10th-century Byzantine Orthodox monk and saint

Saint Michael Maleinos (Μιχαήλ Μαλεΐνος, c. 894-12 July 961) was a Byzantine monk who commanded great respect among Christians of Asia Minor. He was the brother of general Constantine Maleinos and uncle of Nikephoros Phokas, who was greatly influenced by Michael and became Byzantine emperor several years after Michael's death. His feast day is July 12.

==Life==
He was born Manuel Maleinos (Μανουήλ Μαλεΐνος) about 894, into a wealthy land-owning family of Cappadocia. Both of his grandfathers had been high military officers and had risen to the rank of patrikios. His father Eudokimos was likewise a patrikios, while his mother Anastaso was a relative of the emperor Romanos I Lekapenos. He had at least one brother, Constantine Maleinos, and one sister whose name is not known. She married the general Bardas Phokas the Elder, thus linking the Maleinoi with the powerful military family of the Phokades.

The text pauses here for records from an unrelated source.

Lemma Inv_limit_sub : Inv_limit `<=` closure A.
Proof. by move=> z /(_ 0%N); apply: closureS; apply: Inv_approx_sub. Qed.

Lemma Inv_limit_image z : Inv_limit z -> Inv_limit (f z).
Proof.
move=> Lz m B /(fc (AU (Inv_limit_sub Lz))) /(Lz m.+1) [u [Au Bfu]].
by exists (f u); split => //; apply: Inv_approx_image; exists u.
Qed.

Lemma Inv_limit_preimage z : Inv_limit z -> exists2 w, Inv_limit w & f w = z.
Proof.
move=> Lz.
pose D (p : nat * set X) := Inv_approx f A p.1 `&` f @^-1` p.2.
have [||||w Aw Dw] := @compact_directed_closure X (closure A) _
  [set p | nbhs z p.2] D cA.
- by exists (0%N, setT); apply: filterT.
- by move=> p _ x [Ax _]; apply/subset_closure; move: Ax; apply: Inv_approx_sub.
- move=> [m V] /= zV; have [y [Ay Vy]] := Lz m.+1 V zV.
  by have [u Au fu] := Inv_approx_preimage Ay; exists u; rewrite /D /= fu.
- move=> [m V] [m' V'] /= zV zV'; exists (maxn m m', V `&` V'); first exact: filterI.
  move=> x [Ax [Vx V'x]]; split; split => //; apply: Inv_approx_le Ax.
    exact: leq_maxl.
  exact: leq_maxr.
exists w; first by move=> m; apply: closureS (Dw (m, setT) filterT) => x [].
apply: hX => B C /(fc (AU Aw)) fwB zC.
have [u [[_ Cfu] Bfu]] := Dw (0%N, C) zC _ fwB.
by exists (f u).
Qed.

Lemma Inv_limit_Inv : Inv_limit `<=` Defs.Inv U f (closure A).
Proof.
move=> z Lz.
have [sigma [s0 Ls fs]] := full_solution Inv_limit_image Inv_limit_preimage Lz.
split; first exact: Inv_limit_sub.
exists sigma; split; last by move=> n; apply: Inv_limit_sub.
by split => //; split => // n; apply/AU/Inv_limit_sub.
Qed.

Lemma Inv_approx_sub_interior (C : set X) :
  Defs.Inv U f (closure A) `<=` interior C -> exists m, Inv_approx f A m `<=` C.
Proof.
move=> InvC; apply: contrapT => noC.
have [||||z Az Dz] := @compact_directed_closure X (closure A) nat setT
  (fun m => Inv_approx f A m `\` C) cA.
- by exists 0%N.
- by move=> m _ x [Ax _]; apply/subset_closure; move: Ax; apply: Inv_approx_sub.
- move=> m _; apply: contrapT => nD; apply: noC; exists m => x Ax.
  by apply: contrapT => nCx; apply: nD; exists x.
- move=> i j _ _; exists (maxn i j) => // x [Ax nCx]; split; split => //.
    by apply: Inv_approx_le Ax; apply: leq_maxl.
  by apply: Inv_approx_le Ax; apply: leq_maxr.
have Lz : Inv_limit z by move=> m; apply: closureS (Dz m I) => x [].
by have [x [[_ nCx] Cx]] := Dz 0%N I _ (InvC _ (Inv_limit_Inv Lz)).
Qed.

End InvariantPart.

Definition pair_map {T : Type} (N L N' L' : set T) (h : T -> T) :=
  (forall x, N x -> N' (h x)) /\ (forall x, N x -> L x -> L' (h x)).

Definition induced_map {T : topologicalType} (N L N' L' : set T) (h : T -> T)
  (y : pointed N L) : pointed N' L' :=
  if y is Some x then qmap N' L' (h (proj1_sig x)) else None.
Arguments induced_map {T} N L N' L' h y.

Section PointedMaps.
Variable T : topologicalType.
Implicit Types (N L : set T) (h : T -> T).

Lemma qmap_Some N L x (NLx : (N `\` L) x) : qmap N L x = Some (exist _ x NLx).
Proof.
rewrite /qmap; case: pselect => [NLx'|//].
by rewrite (Prop_irrelevance NLx NLx').
Qed.

Lemma qmap_None N L x : ~ (N `\` L) x -> qmap N L x = None.
Proof. by rewrite /qmap; case: pselect. Qed.

Lemma qmap_val N L (x : {x | (N `\` L) x}) : qmap N L (proj1_sig x) = Some x.
Proof. by case: x => x NLx; rewrite qmap_Some. Qed.

Lemma fP_induced_map f N L : @fP _ f N L = induced_map N L N L f.
Proof. by []. Qed.

Lemma pair_map_comp N L N' L' N'' L'' h h' :
  pair_map N L N' L' h -> pair_map N' L' N'' L'' h' ->
  pair_map N L N'' L'' (h' \o h).
Proof.
move=> [hN hL] [h'N h'L]; split=> x Nx /=; first exact/h'N/hN.
by move=> Lx; apply: h'L; [apply: hN | apply: hL].
Qed.

Lemma pair_map_iter N L h : pair_map N L N L h -> forall k, pair_map N L N L (iter k h).
Proof.
move=> hP; elim=> [|k IH]; first by split.
exact: (pair_map_comp IH hP).
Qed.

Lemma induced_map_qmap N L N' L' h z : pair_map N L N' L' h -> N z ->
  induced_map N L N' L' h (qmap N L z) = qmap N' L' (h z).
Proof.
move=> [_ hL] Nz; have [NLz|nNLz] := pselect ((N `\` L) z).
  by rewrite (qmap_Some NLz).
rewrite (qmap_None nNLz); symmetry; apply: qmap_None => -[_]; apply.
by apply: hL => //; apply: contrapT => nLz; apply: nNLz.
Qed.

Lemma induced_map_id N L : induced_map N L N L id = id.
Proof. by apply: funext => -[x|] //=; rewrite qmap_val. Qed.

Lemma induced_map_comp N L N' L' N'' L'' h h' :
  pair_map N L N' L' h -> pair_map N' L' N'' L'' h' ->
  induced_map N' L' N'' L'' h' \o induced_map N L N' L' h =
  induced_map N L N'' L'' (h' \o h).
Proof.
move=> [hN _] h'P; apply: funext => -[[x [Nx _]]|] //=.
by rewrite induced_map_qmap //; apply: hN.
Qed.

Lemma iter_induced_map N L h : pair_map N L N L h ->
  forall k, iter k (induced_map N L N L h) = induced_map N L N L (iter k h).
Proof.
move=> hP; elim=> [|k IH]; first by rewrite -[iter 0 h]/id induced_map_id.
transitivity (induced_map N L N L h \o iter k (induced_map N L N L h)) => //.
by rewrite IH induced_map_comp //; apply: pair_map_iter.
Qed.

Lemma induced_map_continuous N L N' L' h : pair_map N L N' L' h ->
  (forall x, N x -> {for x, continuous h}) ->
  cont_wrt (@qopen _ N L) (@qopen _ N' L') (induced_map N L N' L' h).
Proof.
move=> hP hc O [V [oV OV]]; exists (interior (h @^-1` V)).
split; first exact: open_interior.
apply/seteqP; split => x /=.
- move=> [Nx]; rewrite /preimage /= induced_map_qmap // => Ox.
  have [Vhx _] : (V `&` N') (h x) by rewrite -OV; split => //; apply: hP.1.
  by split => //; apply: (hc x Nx); apply: open_nbhs_nbhs.
- move=> [Ix Nx]; split => //; rewrite /preimage /= induced_map_qmap //.
  have : (V `&` N') (h x) by split; [exact: interior_subset Ix | apply: hP.1].
  by rewrite -OV => -[].
Qed.

Lemma induced_map_shift_equivalent N L N' L' F F' r s M : (0 < M)%N ->
  pair_map N L N L F -> pair_map N' L' N' L' F' ->
  pair_map N L N' L' r -> pair_map N' L' N L s ->
  (forall x, N x -> {for x, continuous r}) -> (forall x, N' x -> {for x, continuous s}) ->
  r \o F = F' \o r -> s \o F' = F \o s -> s \o r = iter M F -> r \o s = iter M F' ->
  shift_equivalent (@qopen _ N L) (@qopen _ N' L') None None
    (induced_map N L N L F) (induced_map N' L' N' L' F').
Proof.
move=> M_gt0 FP F'P rP sP rc sc rF sF' sr rs.
exists M, (induced_map N L N' L' r), (induced_map N' L' N L s).
do 2!split=> //; first exact: induced_map_continuous.
split; first exact: induced_map_continuous.
do 2!split=> //; rewrite !iter_induced_map // !induced_map_comp //.
by rewrite rF sF' sr rs.
Qed.

End PointedMaps.

Section FiltrationPairs.
Variables (X : topologicalType) (U : set X) (f : X -> X) (S N L : set X).
Hypothesis hP : filtration_pair U f S N L.

Lemma filtration_pair_map : (forall x, L x -> L (f x)) -> pair_map N L N L f.
Proof.
have [_ [_ [LN [_ [_ [_ [_ [[V [_ [exV VL]]] _]]]]]]]] := hP.
move=> Lf; split=> [x Nx|x _ /Lf //].
have [Lx|nLx] := pselect (L x); first exact/LN/Lf.
apply: contrapT => nNfx; apply: nLx; apply: VL; split => //; apply: exV.
by split => // /interior_subset.
Qed.

Lemma filtration_pair_Inv_sub : S `<=` interior N.
Proof.
have [_ [_ [_ [_ [clN [_ [[[_ [_ isoN]] <-] _]]]]]]] := hP.
have cN : closed N by rewrite clN; exact: closed_closure.
apply: subset_trans isoN _; apply: interiorS.
by rewrite {2}(closure_id N).1 //; apply: closureS; apply: subDsetl.
Qed.

End FiltrationPairs.

Theorem mainTheorem19 (R : realType) (X : pseudoMetricType R)
  (hX : hausdorff_space X) (lcX : locally_compact [set: X])
  (U : set X) (f : X -> X) (oU : open U) (cf : {within U, continuous f})
  (S N N' L : set X)
  (hS : isolated_invariant_set U f S)
  (hP : filtration_pair U f S N L) (hP' : filtration_pair U f S N' L)
  (hsub : N `\` L `<=` N' `\` L)
  (hfL : f @` L `<=` interior L) :
  shift_equivalent (@qopen X N L) (@qopen X N' L) None None
    (@fP X f N L) (@fP X f N' L).
Proof.
have fc : forall x, U x -> {for x, continuous f}.
  by move: cf; rewrite continuous_open_subspace // => cf x Ux; apply: cf; rewrite inE.
have Lf : forall x, L x -> L (f x).
  by move=> x Lx; apply: interior_subset; apply: hfL; exists x.
have [fN fN'] := (filtration_pair_map hP Lf, filtration_pair_map hP' Lf).
have [_ [_ [LN _]]] := hP; have [_ [_ [LN' [N'U [_ [_ [[[cA [AU _]] SN'] _]]]]]]] := hP'.
have {}N'U : N' `<=` U by move=> x /N'U /interior_subset.
have [m Am] : exists m, Inv_approx f (N' `\` L) m `<=` N.
  apply: (Inv_approx_sub_interior fc hX cA AU); rewrite SN'.
  exact: filtration_pair_Inv_sub hP.
pose M := (m.+1).*2. (* rather than m.*2, which may vanish *)
have fMP : pair_map N' L N L (iter M f).
  split=> [|x _ Lx]; last exact: iter_invariant.
  apply: iter_enters fN'.1 Lf fN.1 LN _.
  by apply: subset_trans Am; apply: Inv_approx_le.
rewrite !fP_induced_map.
apply: (induced_map_shift_equivalent (r := id) (M := M) _ fN fN' _ fMP) => //.
- split=> // x Nx; have [/LN'//|nLx] := pselect (L x).
  by have [] := hsub x (conj Nx nLx).
- by move=> x _; exact: cvg_id.
- by move=> x N'x; apply: (iter_continuous fc N'U fN'.1 N'x).
- by apply: funext => x /=; rewrite -iterSr.
Qed.
(* Let $k\ge 3$, $\varepsilon\in[0,\tfrac12)$, let $b=(b_0,\dots,b_{k-1})$ be the counterclockwise vertices of a convex polygon (consecutive collinear vertices allowed), and let $b^+=\Phi_\varepsilon(b)$. For each $j\in\{0,\dots,k-1\}$ let $Q_j$ be the quadrilateral with corners $b_j, b_{j+1}, b^+_{j+1}, b^+_j$ in this cyclic order (indices mod $k$). Then no $Q_j$ is twisted (its boundary is not self-intersecting, i.e. the side $\overline{b_jb_{j+1}}$ does not cross the side $\overline{b^+_{j+1}b^+_j}$ and the side $\overline{b_{j+1}b^+_{j+1}}$ does not cross the side $\overline{b^+_jb_j}$ at a single interior point), and for $j\ne j'$ the quadrilaterals $Q_j$ and $Q_{j'}$ do not overlap (their interiors are disjoint).
   Context: The $\varepsilon$-GtM step is the map $\Phi_\varepsilon\colon(\mathbb{R}^2)^k\to(\mathbb{R}^2)^k$, $(b_0,\dots,b_{k-1})\mapsto(b_0^+,\dots,b_{k-1}^+)$ with $b_j^+=\varepsilon\frac{b_{j-1}+b_{j+1}}{2}+(1-\varepsilon)b_j$, indices modulo $k$. The quadrilaterals $Q_j$ are called wave-segments; together they partition the region between the polygon $b$ and the polygon $b^+$. *)

From mathcomp Require Import all_boot all_order all_algebra.
Set Implicit Arguments. Unset Strict Implicit. Unset Printing Implicit Defensive.
Import Order.TTheory GRing.Theory Num.Theory.
Local Open Scope ring_scope.

Section Geom.
Variable R : realFieldType.
Notation pt := (R * R)%type.

(* Twice the signed area of the triangle (p, q, r): > 0 iff counterclockwise. *)
Definition orient (p q r : pt) : R :=
  (q.1 - p.1) * (r.2 - p.2) - (q.2 - p.2) * (r.1 - p.1).

Definition on_seg (p q x : pt) : Prop :=
  exists t : R, 0 <= t <= 1 /\ x = (p.1 + t * (q.1 - p.1), p.2 + t * (q.2 - p.2)).

(* The open segments (p,q) and (r,s) cross at a single point interior to both. *)
Definition proper_cross (p q r s : pt) : Prop :=
  orient p q r * orient p q s < 0 /\ orient r s p * orient r s q < 0.

Definition twisted (a b c d : pt) : Prop :=
  proper_cross a b c d \/ proper_cross b c d a.

(* Signed crossing contribution of the directed edge p -> q to the winding
   number around x (horizontal ray to the right, half-open convention). *)
Definition wind_edge (p q x : pt) : int :=
  if (p.2 <= x.2) && (x.2 < q.2) && (0 < orient p q x) then 1
  else if (q.2 <= x.2) && (x.2 < p.2) && (orient p q x < 0) then -1
  else 0.

(* Winding number of the closed quadrilateral a -> b -> c -> d -> a around x
   (meaningful for x off the boundary). *)
Definition wind_quad (a b c d x : pt) : int :=
  wind_edge a b x + wind_edge b c x + wind_edge c d x + wind_edge d a x.

Definition on_quad_boundary (a b c d x : pt) : Prop :=
  on_seg a b x \/ on_seg b c x \/ on_seg c d x \/ on_seg d a x.

Definition quad_interior (a b c d x : pt) : Prop :=
  ~ on_quad_boundary a b c d x /\ wind_quad a b c d x != 0.

(* b_0,...,b_{k-1} are the counterclockwise vertices of a convex polygon,
   consecutive collinear vertices allowed: vertices pairwise distinct, every
   vertex weakly to the left of every directed edge b_i b_{i+1}, and the polygon
   has nonempty interior (some strictly counterclockwise triple). *)
Definition convex_ccw (k : nat) (b : 'I_k -> pt) : Prop :=
  injective b /\
  (forall i j : 'I_k, 0 <= orient (b i) (b (ordS i)) (b j)) /\
  (exists i j l : 'I_k, 0 < orient (b i) (b j) (b l)).

Definition Phi (eps : R) (k : nat) (b : 'I_k -> pt) : 'I_k -> pt :=
  fun j =>
    (eps * ((b (ord_pred j)).1 + (b (ordS j)).1) / 2 + (1 - eps) * (b j).1,
     eps * ((b (ord_pred j)).2 + (b (ordS j)).2) / 2 + (1 - eps) * (b j).2).

End Geom.

(* Each vertex of b^+ is the mix b^+_j = (eps/2) b_{j-1} + (1 - eps) b_j + (eps/2) b_{j+1}.
   Orientation is affine in each argument, so every orientation built from such mixes
   expands into orientations of vertices of b with coefficients that are nonnegative
   for eps < 1/2.  Convexity of b makes all the expanded terms nonnegative once one
   knows that, seen from any vertex b_i, the vertices b_{i+1}, ..., b_{i+k-1} turn
   counterclockwise.  This gives: both corners b^+_j, b^+_{j+1} lie left of b_j b_{j+1},
   and one of the two triangulations of Q_j is positively oriented, which rules out
   twisting; moreover b^+ is again a weakly convex counterclockwise polygon.

   For the overlap, a positively oriented triangle, hence Q_j, has nonnegative winding
   number around every point, and the winding numbers of the Q_j telescope to
   wind(b) - wind(b^+).  A convex polygon winds nonnegatively around every point, and
   at most once around any point of b since no horizontal line meets two upward edges
   of b.  A point interior to two wave-segments would have total winding at least 2.
   Consecutive collinear vertices are handled by showing that no vertex lies strictly
   inside an edge. *)

From mathcomp Require Import all_boot all_order all_algebra.
From mathcomp Require Import ring lra zify.
Set Implicit Arguments. Unset Strict Implicit. Unset Printing Implicit Defensive.
Import Order.TTheory GRing.Theory Num.Theory.
Local Open Scope ring_scope.
(* Let $k\ge3$ be odd and let $(w_1,w_2)$ be a weak CLT pair with $w_1,w_2\in\mathcal V_k$ and $\mathrm{wt}((w_1,w_2))=k$. Then: (i) each $w_i$ ($i=1,2$) satisfies $N^{w_i}_{\{1,1\}}=1$ and $\check w_i$ is a Wigner word of length $k$; (ii) $\mathrm{supp}(w_1)\cap\mathrm{supp}(w_2)=\{1\}$; (iii) $\mathbb{E}[\bar T_{w_1}\bar T_{w_2}]=\mathbb{E}[\xi_{11}^2]$; (iv) summing over a set of representatives of equivalence classes of all such pairs, $\sum_{(w_1,w_2)}\mathbb{E}[\bar T_{w_1}\bar T_{w_2}]=a_k^2\,\mathbb{E}[\xi_{11}^2]$.
   Context: $\{\xi_{ij}\}_{1\le i\le j}$ independent real random variables; $\{\xi_{ii}\}$ i.i.d. with mean zero, all moments finite; $\{\xi_{ij}\}_{i<j}$ i.i.d. with mean zero, $\mathbb{E}[\xi_{12}^2]=1$, all moments finite; $\xi_e=\xi_{\min(i,j),\max(i,j)}$ for $e=\{i,j\}$. A word is a finite sequence $w=(s_1,\dots,s_m)$ of positive integers; $\ell(w)=m$; closed if $s_1=s_m$; $\mathrm{supp}(w)$ its letter set; $E_w=\{\{s_i,s_{i+1}\}:1\le i\le m-1\}$ (undirected; self edge $\{u,u\}$); $N_e^w=\#\{i\le m-1:\{s_i,s_{i+1}\}=e\}$. For $a=(w_1,w_2)$: $\mathrm{wt}(a)=\#(\mathrm{supp}(w_1)\cup\mathrm{supp}(w_2))$, $E_a=E_{w_1}\cup E_{w_2}$, $N_e^a=N_e^{w_1}+N_e^{w_2}$; equivalence = bijection of supports mapping one to the other letter by letter. Weak CLT pair: $N_e^a\ge2$ for all $e\in E_a$ and $E_{w_1}\cap E_{w_2}\ne\emptyset$. $\mathcal V_k$ = closed words of length $k+1$ with first letter $1$ having at least one self edge. $\check w$ is obtained from $w$ by deleting each letter equal to its predecessor. A Wigner word is a closed word $w$ with $N_e^w\ge2$ for all $e\in E_w$ and $\mathrm{wt}(w)=(\ell(w)+1)/2$ (single-letter words are also Wigner words). $T_w=\prod_{e\in E_w}\xi_e^{N_e^w}$, $\bar T_w=T_w-\mathbb{E}T_w$. For odd $k$, $a_k$ is the number of equivalence classes of closed words $w$ of length $k+1$ starting at $1$ with $N^w_{\{1,1\}}=1$ and $\check w$ a Wigner word of length $k$. *)

From HB Require Import structures.
From mathcomp Require Import all_boot all_order all_algebra.
Set Implicit Arguments. Unset Strict Implicit. Unset Printing Implicit Defensive.
Import Order.TTheory GRing.Theory Num.Theory.

Definition is_word (w : seq nat) : bool := all (fun x => 0 < x) w.

Definition closedw (w : seq nat) : bool :=
  if w is s1 :: s then s1 == last s1 s else false.

(* undirected edge {x,y} encoded as (min, max); self edge {u,u} = (u,u) *)
Definition uedge (x y : nat) : nat * nat := (minn x y, maxn x y).

Definition steps (w : seq nat) : seq (nat * nat) :=
  [seq uedge p.1 p.2 | p <- zip w (behead w)].

Definition edgesw (w : seq nat) : seq (nat * nat) := undup (steps w).

Definition Ncount (e : nat * nat) (w : seq nat) : nat := count_mem e (steps w).

Definition wtw (w : seq nat) : nat := size (undup w).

He spent his youth at the court of Emperor Leo the Wise, who was his relative. At the age of 18 he denounced worldly pleasures and withdrew to Bithynia, where he founded a highly reputable lavra under the guidance of elder John Heladites, and took the name Michael.

After a time Michael was ordained to the priesthood. He was said to have been compassionate and kindly towards people.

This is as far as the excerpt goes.